Ladies and Gentlemen:
We have acted as New York and Marshall Islands counsel to OceanFreight Inc. and its co-registrant subsidiaries (collectively the “Company”) in connection with the Company’s Registration Statement on Form F-3 (File No. 333-150579), including any exhibits thereto, as amended by Amendment No.1, filed with the U.S. Securities and Exchange Commission (the “Commission”) on May 1, 2008, and as further amended by Post-Effective Amendment No. 2, filed with the Commission on the date hereof (such registration statement as further amended or supplemented from time to time) (the “Registration Statement”), filed with respect to the public offering by the Company (the “Offering”) of up to an aggregate of $200,000,000 of securities, which may include common shares of the Company, par value $0.01 per share (the “Common Shares”) (including the related preferred share purchase rights), preferred shares, units, debt securities, guarantees, warrants and purchase contracts (collectively the “Primary Securities”), including 4,000,000 Common Shares (including the related preferred share purchase rights) that have been issued under this Registration Statement pursuant to a controlled equity offering set forth in a prospectus supplement dated June 19, 2008, and 52,105 Common Shares (including the related preferred share purchase rights) held by the selling shareholder identified in Amendment No. 1 to the Registration Statement (the “Secondary Securities”).
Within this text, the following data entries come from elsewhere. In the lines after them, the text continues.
Lemma crossed_gt0 p : 0 < #|crossed p|.
Proof.
have [u pu] := exists_crossed.
have : 0 < #|crossed (parity u)| by apply/card_gt0P; exists u.
by case: p; case: (parity u) => //; rewrite card_crossed_parity.
Qed.

Lemma crossed_sub_fault_free p : crossed p \subset fault_free F p.
Proof. by apply/subsetP => u /setIdP[pu uc]; rewrite inE pu cycle_edges_notin. Qed.

End HamiltonianCycle.

Section Faults.
Variables (F B : {set {set vert n}}).
Hypothesis B_ham : forall c, HamCycle F c -> B \subset cycle_edges c.

Lemma card_fault_free p : #|F :&: cross_edges p| + #|fault_free F p| = 2 ^ (n - 2).
Proof. by rewrite card_setI_cross_edges -(card_left_parity p); apply: cards_sep. Qed.

Lemma card_crossed_le c p : HamCycle F c -> #|crossed c p| <= #|fault_free F p|.
Proof. by move=> c_ham; apply/subset_leq_card/crossed_sub_fault_free. Qed.

Lemma B_sub_crossed c p :
  HamCycle F c -> [set u in left_parity p | cross_edge u \in B] \subset crossed c p.
Proof.
move=> c_ham; apply/subsetP => u /setIdP[pu uB].
by rewrite inE pu (subsetP (B_ham c_ham)).
Qed.

Lemma card_B_le c p : HamCycle F c -> #|B :&: cross_edges p| <= #|crossed c p|.
Proof.
by move=> c_ham; rewrite card_setI_cross_edges; apply/subset_leq_card/B_sub_crossed.
Qed.

Lemma fault_free_sub_cycle_edges c p :
  HamCycle F c -> #|fault_free F p| <= #|crossed c p| ->
  cross_edges p :\: F \subset cycle_edges c.
Proof.
move=> c_ham le_free; have crossedE : crossed c p = fault_free F p.
  by apply/eqP; rewrite eqEcard le_free andbT; apply: crossed_sub_fault_free.
apply/subsetP => _ /setDP[/imsetP[u pu ->] uF].
have : u \in fault_free F p by rewrite inE pu uF.
by rewrite -crossedE => /setIdP[].
Qed.

Lemma no_ham_full p : #|F :&: cross_edges p| = 2 ^ (n - 2) -> ~ hamiltonian F.
Proof.
move=> fullF [c c_ham]; have := crossed_gt0 c_ham p; have := card_crossed_le p c_ham.
by have := card_fault_free p; lia.
Qed.

Lemma no_ham_overfull p :
  2 ^ (n - 2) < #|F :&: cross_edges p| + #|B :&: cross_edges (~~ p)| -> ~ hamiltonian F.
Proof.
move=> over [c c_ham]; have := card_crossed_le p c_ham; have := card_B_le (~~ p) c_ham.
have := card_fault_free p.
by rewrite -(card_crossed_parity c_ham); lia.
Qed.

Lemma tight_cross_edges p :
  #|F :&: cross_edges p| + #|B :&: cross_edges (~~ p)| = 2 ^ (n - 2) ->
  (forall c, HamCycle F c -> cross_edges p :\: F \subset cycle_edges c) /\
  (forall e, e \in cross_edges (~~ p) ->
     (exists c, HamCycle F c /\ e \in cycle_edges c) -> e \in B).
Proof.
move=> tight; split => [c c_ham | _ /imsetP[u qu ->] [c [c_ham uc]]].
  apply: (fault_free_sub_cycle_edges c_ham); have := card_B_le (~~ p) c_ham.
  by have := card_fault_free p; rewrite -(card_crossed_parity c_ham); lia.
have BE : [set u in left_parity (~~ p) | cross_edge u \in B] = crossed c (~~ p).
  apply/eqP; rewrite eqEcard B_sub_crossed //= -(card_crossed_parity c_ham).
  rewrite -(card_setI_cross_edges B).
  by have := card_crossed_le p c_ham; have := card_fault_free p; lia.
have : u \in crossed c (~~ p) by rewrite inE qu.
by rewrite -BE => /setIdP[].
Qed.

Lemma almost_full p : #|F :&: cross_edges p| = 2 ^ (n - 2) - 1 ->
  forall e, e \in cross_edges p :\: F -> forall c, HamCycle F c -> e \in cycle_edges c.
Proof.
move=> almost e eF c c_ham; apply: (subsetP (fault_free_sub_cycle_edges c_ham _) _ eF).
have := crossed_gt0 c_ham p; have := expn_gt0 2 (n - 2).
by have := card_fault_free p; lia.
Qed.

End Faults.
End CrossingEdges.

Theorem lemma6 (n : nat) (hn : 3 <= n) (F B : {set {set vert n}})
  (hF : F \subset Qedges n) (hB : B \subset Qedges n :\: F)
  (hBham : forall c, HamCycle F c -> B \subset cycle_edges c)
  (i : 'I_n) :
  let fe := #|F :&: even_cross i| in
  let fo := #|F :&: odd_cross i| in
  let be := #|B :&: even_cross i| in
  let bo := #|B :&: odd_cross i| in
  [/\ (fe = 2 ^ (n - 2) \/ fo = 2 ^ (n - 2)) -> ~ hamiltonian F,
      (fe + bo > 2 ^ (n - 2) \/ fo + be > 2 ^ (n - 2)) -> ~ hamiltonian F,
      fe + bo = 2 ^ (n - 2) ->
        (forall c, HamCycle F c -> even_cross i :\: F \subset cycle_edges c) /\
        (forall e, e \in odd_cross i ->
           (exists c, HamCycle F c /\ e \in cycle_edges c) -> e \in B),
      fo + be = 2 ^ (n - 2) ->
        (forall c, HamCycle F c -> odd_cross i :\: F \subset cycle_edges c) /\
        (forall e, e \in even_cross i ->
           (exists c, HamCycle F c /\ e \in cycle_edges c) -> e \in B)
    & (fe = 2 ^ (n - 2) - 1 ->
         forall e, e \in even_cross i :\: F ->
           forall c, HamCycle F c -> e \in cycle_edges c) /\
      (fo = 2 ^ (n - 2) - 1 ->
         forall e, e \in odd_cross i :\: F ->
           forall c, HamCycle F c -> e \in cycle_edges c)].
Proof.
have n_gt1 : 1 < n := ltnW hn.
rewrite /= even_cross_edges odd_cross_edges.
split.
- by case; apply: no_ham_full.
- by case; apply: (no_ham_overfull n_gt1 hBham).
- exact: (tight_cross_edges n_gt1 hBham (p := false)).
- exact: (tight_cross_edges n_gt1 hBham (p := true)).
- by split; apply: almost_full.
Qed.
We have examined originals or copies, certified or otherwise identified to our satisfaction, of: (i) the Registration Statement; (ii) the prospectus of the Company (the “Prospectus”) included in the Registration Statement; (iii) the stockholders rights agreement of the Company dated April 30, 2008 (the “Stockholders Rights Agreement”); and (iv) such corporate documents and records of the Company and such other instruments, certificates and documents as we have deemed necessary or appropriate as a basis for the opinions hereinafter expressed. In such examinations, we have assumed the authenticity of all documents submitted to us as originals, the conformity to original documents of all documents submitted to us as copies or drafts of documents to be executed, the genuineness of all signatures and the legal competence or capacity of persons or entities to complete the execution of documents. As to various questions of fact which are material to the opinions hereinafter expressed, we have relied upon statements or certificates of public officials, directors of the Company and others.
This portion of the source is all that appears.